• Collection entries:
________

(* In a DAG, v and w are joined by a trek iff they have a common ancestor: a
   collider-free path first runs against the edges and then along them, and
   conversely the directed paths from a lowest common ancestor meet only there.
   Hence in the dependence graph U the closed neighbourhood N[s] of a source s
   is the set of descendants of s, it is a clique, and every edge of U lies in
   such a clique.  In init_CPDAG(U) an edge a - b is directed a -> b iff
   N[a] is a proper subset of N[b] and undirected iff N[a] = N[b], so chain
   components are the classes of equal closed neighbourhoods and a source of
   the DAG-reduction has a clique as neighbourhood.  Therefore u - w is an edge
   of U iff the components of u and w both equal, or are children of, one
   common source of the DAG-reduction: U is determined by its DAG-reduction. *)

Definition skeleton (T : Type) (e : rel T) : rel T := fun a b => e a b || e b a.

Section AcyclicRelation.
Variables (T : finType) (e : rel T).
Hypothesis e_acyclic : forall a b, e a b -> ~~ connect e b a.

Lemma acyclic_asym a b : e a b -> ~~ e b a.
Proof. by move=> eab; apply: contra (e_acyclic eab); apply: connect1. Qed.

Lemma acyclic_connect_antisym a b : connect e a b -> connect e b a -> a = b.
Proof.
case/connectP=> -[_ -> //|c p] /= /andP[eac cp] ->{b} pa.
by have:= e_acyclic eac; rewrite (connect_trans (path_connect cp (mem_last c p)) pa).
Qed.

Lemma exists_source_ancestor x : exists2 s, (forall a, ~~ e a s) & connect e s x.
Proof.
pose anc y := #|[set z | connect e z y]|.
have [s sx s_min] := @arg_minnP _ x (connect e ^~ x) anc (connect0 e x).
exists s => // a; apply/negP=> eas.
have anc_as : [set z | connect e z a] \proper [set z | connect e z s].
  apply/properP; split.
    by apply/subsetP=> z; rewrite !inE => /connect_trans; apply; apply: connect1.
  by exists s; rewrite !inE ?connect0 ?e_acyclic.
by move: (s_min a (connect_trans (connect1 eas) sx)); rewrite leqNgt proper_card.
Qed.

Lemma source_connect s a : (forall b, ~~ e b s) -> connect e a s -> a = s.
Proof.
move=> s_src /connectP[p]; case/lastP: p => [_ -> //|p z].
rewrite rcons_path last_rcons => /andP[_ ez] zs.
by move: (s_src (last a p)); rewrite zs ez.
Qed.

________

• Assignment: Quote the data above verbatim from its first line to the line that includes "common source of", with both boundary lines retained.

• Solution below:
(* In a DAG, v and w are joined by a trek iff they have a common ancestor: a
   collider-free path first runs against the edges and then along them, and
   conversely the directed paths from a lowest common ancestor meet only there.
   Hence in the dependence graph U the closed neighbourhood N[s] of a source s
   is the set of descendants of s, it is a clique, and every edge of U lies in
   such a clique.  In init_CPDAG(U) an edge a - b is directed a -> b iff
   N[a] is a proper subset of N[b] and undirected iff N[a] = N[b], so chain
   components are the classes of equal closed neighbourhoods and a source of
   the DAG-reduction has a clique as neighbourhood.  Therefore u - w is an edge
   of U iff the components of u and w both equal, or are children of, one
   common source of the DAG-reduction: U is determined by its DAG-reduction. *)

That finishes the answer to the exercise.